Implement financial management approaches
The Balance Sheet
The most important word above is “balance”. The balance sheet is simply putting the
accounting equation (assets = liabilities + owners equity) into a table. That is really all it is.
So instead of simply stating the equation, we develop a table with two columns; one for
assets and the other for liabilities and owner’s equity and both columns should balance.

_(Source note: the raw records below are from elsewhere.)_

(* Let $(B,\lfloor\cdot,\cdot\rfloor,\|\cdot\|)$ be an SSDB space, $q(b):=\tfrac12\lfloor b,b\rfloor$, and let $f,g\colon B\to\,]{-}\infty,\infty]$ be proper convex lower semicontinuous BC--functions. Suppose $\rho\colon B\to B$ is a continuous linear bijection such that $\lfloor\rho(b),\rho(c)\rfloor=\lfloor b,-c\rfloor$ for all $b,c\in B$. Then $\mathrm{dom}\,f-\rho^{-1}\mathrm{dom}\,g=B\iff{\cal P}_q(f)-\rho^{-1}{\cal P}_q(g)=B$, and $\mathrm{dom}\,f+\rho^{-1}\mathrm{dom}\,g=B\iff{\cal P}_q(f)+\rho^{-1}{\cal P}_q(g)=B$.
   Context: An SSDB space is a triple $(B,\lfloor\cdot,\cdot\rfloor,\|\cdot\|)$ where $B$ is a nonzero real vector space, $\lfloor\cdot,\cdot\rfloor$ a symmetric bilinear form, $(B,\|\cdot\|)$ a Banach space, and there is a linear isometry $\iota$ of $B$ onto $B^*$ with $\langle b,\iota(c)\rangle=\lfloor b,c\rfloor$. $\mathrm{dom}\,f:=\{b\colon f(b)\in\mathbb{R}\}$, $f^@(c):=\sup_b[\lfloor b,c\rfloor-f(b)]$. A BC--function is a proper convex $f$ with $f^@(b)\ge f(b)\ge q(b)$ for all $b$. ${\cal P}_q(f):=\{b\colon f(b)=q(b)\}$. *)

From HB Require Import structures.
From mathcomp Require Import all_boot all_order all_algebra.
From mathcomp Require Import all_classical all_reals all_analysis.
Set Implicit Arguments. Unset Strict Implicit. Unset Printing Implicit Defensive.
Import Order.TTheory GRing.Theory Num.Theory.
Import numFieldNormedType.Exports.
Local Open Scope classical_set_scope.
Local Open Scope ring_scope.

Section SSDB.
Context {R : realType} {B : completeNormedModType R}.
Lemma Eraw_kron m u g X : In X (Vm m) -> (forall Y, In Y (Vm m) -> g Y = kron Y X) ->
  Eraw m u g = - Lapm m u X.
Proof.
  intros HX Hg. unfold Eraw.
  rewrite (sumR_upairs (adj m) (fun x y => (u x - u y) * (g x - g y)));
    [|apply adj_irrefl|apply adj_sym|intros; ring].
  set (du x y := if adj m x y then u x - u y else 0).
  rewrite (sumR_ext _ (fun x => kron X x * sumR (du x) (Vm m) -
                                sumR (fun y => kron X y * du x y) (Vm m))).
  2:{ intros x Hx. rewrite <- sumR_scal_l, <- sumR_sub. apply sumR_ext; intros y Hy.
      rewrite (Hg x Hx), (Hg y Hy), !(kron_sym _ X). unfold du. destruct adj; ring. }
  rewrite sumR_sub, sumR_kron, sumR_comm by auto using NoDup_Vm.
  rewrite (sumR_ext (fun y => sumR (fun x => kron X y * du x y) (Vm m))
                   (fun y => kron X y * sumR (fun x => du x y) (Vm m))) by (intros; apply sumR_scal_l).
  rewrite sumR_kron by auto using NoDup_Vm.
  rewrite (sumR_ext (fun x => du x X) (fun y => - du X y))
    by (intros; unfold du; rewrite adj_sym; destruct adj; ring).
  unfold Lapm. rewrite sumR_filter, sumR_opp.
  rewrite (sumR_ext (fun y => if adj m X y then u y - u X else 0) (fun y => - du X y))
    by (intros; unfold du; destruct adj; ring).
  rewrite sumR_opp. field.
Qed.

(** * The attractor and the self-similar integral *)

Section Attractor.
Variable K : pt -> Prop.
Hypothesis HK : is_attractor K.
Lemma gnp_expect_critical (s : {set 'I_n}) (k : nat) : (1 <= k)%N -> #|s| = k.+1 ->
  Ex (fun E => (critical E s)%:R) =
    p ^+ 'C(k.+1, 2) * ((1 - p ^+ k.+1) ^+ #|lower s| - (1 - p ^+ k) ^+ #|lower s|).
Proof.
move=> k1 sk; have s2 : (1 < #|s|)%N by rewrite sk ltnS.
have [m mins] : exists m, is_min_of m s by apply: exists_min_of; rewrite -card_gt0 sk.
have /andP[ms _] := mins.
have avoid_stars (t : {set 'I_n}) : t \subset s ->
    Ex (fun E => (clique_edges s \subset E)%:R *
                 \prod_(j <- enum (lower s)) (1 - (star j t \subset E)%:R))
    = p ^+ 'C(k.+1, 2) * (1 - p ^+ #|t|) ^+ #|lower s|.
  move=> ts; have notin_t j : j \in enum (lower s) -> j \notin t.
    by rewrite mem_enum inE => /below_min_notin; apply: contra; apply: (subsetP ts).
  rewrite gnp_expect_subset_avoid ?enum_uniq ?clique_edges_sub ?card_clique_edges ?sk //.
  - rewrite big_enum (eq_bigr (fun _ => 1 - p ^+ #|t|)) ?prodr_const // => j jl.
    by rewrite card_star // notin_t ?mem_enum.
  - by move=> j /notin_t; apply: star_sub_edge_pairs.
  - by move=> i j /notin_t it _; apply: disjoint_star.
  - move=> j jl; apply: disjoint_clique_edges_star.
    by move: jl; rewrite mem_enum inE => /below_min_notin.
rewrite (eq_gnp_expect _ _ (fun E _ => critical_indicator E _ _ s2 mins)) gnp_expectB.
have card_sm : #|s :\ m| = k by move: sk; rewrite (cardsD1 m s) ms => -[].
by rewrite !avoid_stars ?subD1set // -mulrBr sk card_sm.
Qed.

Lemma gnp_expect_Tcrit (k : nat) : (1 <= k)%N ->
  Ex (fun E => (Tcrit E k.+1)%:R) =
    \sum_(s : {set 'I_n} | #|s| == k.+1)
      p ^+ 'C(k.+1, 2) * ((1 - p ^+ k.+1) ^+ #|lower s| - (1 - p ^+ k) ^+ #|lower s|).
Proof.
move=> k1; rewrite (eq_gnp_expect _
  (fun E => \sum_(s : {set 'I_n} | #|s| == k.+1) (critical E s)%:R)); last first.
  move=> E _; rewrite /Tcrit -sum1_card natr_sum big_mkcond [RHS]big_mkcond /=.
  by apply: eq_bigr => s _; rewrite inE; case: (_ == _); case: (critical E s).
rewrite gnp_expect_sum; apply: eq_bigr => s /eqP sk; exact: gnp_expect_critical.
Qed.

End GnpExpectation.

Lemma card_lower_class_le (N k M : nat) :
  (#|[set s : {set 'I_N.+1} | (#|s| == k.+1) && (#|lower s| == M)]| <= 'C(N, k))%N.
Proof.
set S := [set s | _].
have minS s : s \in S -> is_min_of (inord M) s.
  rewrite inE => /andP[/eqP sk /eqP sM].
  have [m mins] : exists m, is_min_of m s by apply: exists_min_of; rewrite -card_gt0 sk.
  suff -> : inord M = m by [].
  by apply: val_inj; rewrite /= -sM (card_lower _ _ mins) inordK.
have inj : {in S &, injective (fun s => s :\ inord M)}.
  by move=> s1 s2 /minS/andP[m1 _] /minS/andP[m2 _] e; rewrite -(setD1K m1) e setD1K.
rewrite -(card_in_imset inj).
apply: (@leq_trans #|[set A : {set 'I_N.+1} | A \subset [set~ ord0] & #|A| == k]|).
  apply/subset_leq_card/subsetP => _ /imsetP[s sS ->].
  have /andP[ms /forall_inP mle] := minS s sS.
  rewrite inE; apply/andP; split.
    apply/subsetP => x /setD1P[xm xs]; rewrite !inE; apply: contra xm => /eqP x0.
    move: (mle x xs); rewrite x0 leqn0 => /eqP m0.
    by apply/eqP/val_inj; rewrite /= m0.
  by move: sS; rewrite inE (cardsD1 (inord M) s) ms add1n => /andP[/eqP [->] _].
by rewrite cards_draws cardsC1 card_ord.
Qed.

Lemma sum_card_lower_le (R : numDomainType) (N k : nat) (F : nat -> R) :
  (forall M, 0 <= F M) ->
  \sum_(s : {set 'I_N.+1} | #|s| == k.+1) F #|lower s| <= 'C(N, k)%:R * \sum_(M < N.+2) F M.
Proof.
move=> F_ge0.
rewrite (partition_big (fun s : {set 'I_N.+1} => inord #|lower s| : 'I_N.+2) xpredT) //=.
rewrite mulr_sumr; apply: ler_sum => M _.
rewrite (eq_bigl (fun s : {set 'I_N.+1} => (#|s| == k.+1) && (#|lower s| == M))); last first.
  move=> s.
  rewrite -(inj_eq val_inj) /= inordK // ltnS.
  by rewrite (leq_trans (max_card _)) ?card_ord.
rewrite (eq_bigr (fun _ => F M)) => [|s /andP[_ /eqP ->] //].
rewrite sumr_const mulr_natl ler_wpMn2l //.
apply: leq_trans (card_lower_class_le N k M); apply: subset_leq_card.
by apply/subsetP => s; rewrite inE.
Qed.

Lemma sum_card_lower_ge (R : numDomainType) (N k : nat) (F : nat -> R) :
  (forall M, 0 <= F M) ->
  'C(N, k)%:R * F 1%N <= \sum_(s : {set 'I_N.+2} | #|s| == k.+1) F #|lower s|.
Proof.
move=> F_ge0; pose one : 'I_N.+2 := Ordinal (isT : 1 < N.+2)%N.
pose T := [set t : {set 'I_N.+2} | t \subset ~: [set ord0; one] & #|t| == k].
have one_notin t : t \in T -> one \notin t.
  by rewrite inE => /andP[/subsetP tC _]; apply/negP => /tC; rewrite !inE eqxx orbT.
have card_lower_one t : t \in T -> #|lower (one |: t)| = 1%N.
  move=> tT; rewrite (card_lower one) // /is_min_of setU11; apply/forall_inP => x.
  rewrite !inE => /orP[/eqP -> //|xt]; move: tT; rewrite inE => /andP[/subsetP tC _].
  by move: (tC x xt); rewrite !inE negb_or lt0n -(inj_eq val_inj) => /andP[].
have cardC : #|~: [set ord0; one]| = N.
  by have := cardsC [set ord0; one]; rewrite cards2 card_ord /=; lia.
have -> : 'C(N, k)%:R * F 1%N = \sum_(s in [set one |: t | t in T]) F #|lower s|.
  rewrite big_imset => [|t1 t2 /one_notin o1 /one_notin o2 e]; last first.
    by rewrite -(setU1K o1) e setU1K.
  rewrite (eq_bigr (fun _ => F 1%N)) => [|t /card_lower_one -> //].
  by rewrite sumr_const cards_draws cardC mulr_natl.
rewrite [leRHS](bigID (mem [set one |: t | t in T])) /=.
rewrite -[leLHS]addr0 lerD ?sumr_ge0 //.
rewrite le_eqVlt; apply/orP; left; apply/eqP; apply: eq_bigl => s.
apply/idP/andP => [sT|[] //]; split => //.
case/imsetP: sT => t tT ->; rewrite cardsU1 one_notin //.
by move: tT; rewrite inE => /andP[_ /eqP ->].
Qed.

Theorem lemma4p2 (R : realFieldType) (n : nat) (p : R) (k : nat) :
  (2 <= n)%N -> 0 <= p <= 1 -> (1 <= k <= n - 1)%N ->
  p ^+ ('C(k.+1, 2) + k) * ('C(n - 2, k))%:R * (1 - p)
    <= gnp_expect p (fun E : {set {set 'I_n}} => (Tcrit E k.+1)%:R)
  /\
  (0 < p ->
    gnp_expect p (fun E : {set {set 'I_n}} => (Tcrit E k.+1)%:R)
      <= p ^ (('C(k.+1, 2))%:Z - k%:Z - 1) * ('C(n - 1, k))%:R * (1 - p)).
Proof.
case: n => [|[|N]] // _ /andP[p_ge0 p_le1] /andP[k_ge1 _].
rewrite gnp_expect_Tcrit // !subSS !subn0.
set c := 'C(k.+1, 2).
pose F M := p ^+ c * ((1 - p ^+ k.+1) ^+ M - (1 - p ^+ k) ^+ M).
rewrite (eq_bigr (fun s => F #|lower s|)) //.
have pk_le : p ^+ k.+1 <= p ^+ k by rewrite exprS ler_piMl ?exprn_ge0.
have pk_le1 : p ^+ k <= 1 by rewrite exprn_ile1.
have F_ge0 M : 0 <= F M.
  rewrite mulr_ge0 ?exprn_ge0 // subr_ge0 lerXn2r ?nnegrE ?lerB //; lra.
split.
  apply: le_trans (sum_card_lower_ge _ N k _ F_ge0).
  rewrite /F !expr1 exprD exprS le_eqVlt; apply/orP; left; apply/eqP.
  by move: (p ^+ c) (p ^+ k) => a b; ring.
move=> p_gt0; apply: le_trans (sum_card_lower_le _ N.+1 k _ F_ge0) _.
have p_neq0 : p != 0 by rewrite lt0r_neq0.
have -> : p ^ (c%:Z - k%:Z - 1) = p ^+ c / p ^+ k.+1.
  rewrite exprnN exprnP -expfzDr //; congr (p ^ _); lia.
apply: (@le_trans _ _ ('C(N.+1, k)%:R * (p ^+ c * ((p ^+ k.+1)^-1 - (p ^+ k)^-1)))).
  rewrite /F -mulr_sumr ler_wpM2l ?ler0n // ler_wpM2l ?exprn_ge0 //.
  by apply: sum_geometric_diff_le; rewrite ?exprn_gt0.
rewrite exprS le_eqVlt; apply/orP; left; apply/eqP.
move: (p ^+ c) (p ^+ k) (expf_neq0 k p_neq0) => a b b_neq0; field.
by rewrite p_neq0 b_neq0.
Qed.
(* Let $G$ be a connected simple graph with $m$ edges and let $k\geq 2$ be an integer. Then $$\chi_{dom}(P_{k+1})\leq \chi_{dom}(G^{\frac{1}{k}})\leq (m-1)\chi_{dom}(P_k)+\chi_{dom}(P_{k+1}).$$
   Context: All graphs are finite and simple. A dominated coloring of a graph $H$ is a proper vertex coloring of $H$ such that for every color class $C$ there is a vertex $x\in V(H)$ adjacent to every vertex of $C$. The dominated chromatic number $\chi_{dom}(H)$ is the minimum number of colors in a dominated coloring of $H$. $P_n$ denotes the path on $n$ vertices. The $k$-subdivision $G^{\frac{1}{k}}$ of $G$ is the graph obtained by replacing each edge $v_iv_j$ of $G$ by a path of length $k$ (i.e. with $k-1$ new internal vertices) between $v_i$ and $v_j$, the internal vertices of distinct such paths being distinct; if $G$ has $n$ vertices and $m$ edges then $G^{\frac{1}{k}}$ has $n+(k-1)m$ vertices and $km$ edges. *)

From mathcomp Require Import all_boot.
Set Implicit Arguments. Unset Strict Implicit. Unset Printing Implicit Defensive.

(* A simple graph is a finite type V with a symmetric irreflexive relation e. *)

Definition proper_col (V : finType) (e : rel V) (n : nat) (f : {ffun V -> 'I_n}) : bool :=
  [forall x, forall y, e x y ==> (f x != f y)].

Current and Non Current Assets and Liabilities
Not all assets and liabilities are the same. If we look at Peter’s case, for example, the
handheld computer is worth more than the gift voucher. It is also easier to sell and can be
used, generally, for quite a few years before its useful life ends. Imagine if Peter owned a
car. The car would be even more valuable than the handheld computer and would have an
even longer useful life. The same applies to Peter’s liabilities. The $60 fine is generally
payable straight away, whereas a mortgage on his unit takes 25 years to pay. That is why in
the financial world, people have devised ways to distinguish between different assets and
liabilities otherwise we would not know what the business owes and owns. For example if
company A had $250,000 worth of pencils and company B had $250,000 worth of gold
watches, which would be a better buy? Company B would be a better buy if we were
looking to buy a business because gold watches are easier to sell and have a more constant
and lasting value than pencils.
So, Current Assets are those assets that are generally used up within 12 months like cash or
the goods we sell (unless they are capital goods). Non Current Assets, on the other hand, are
assets that are used up in more than 12 months like buildings or machinery.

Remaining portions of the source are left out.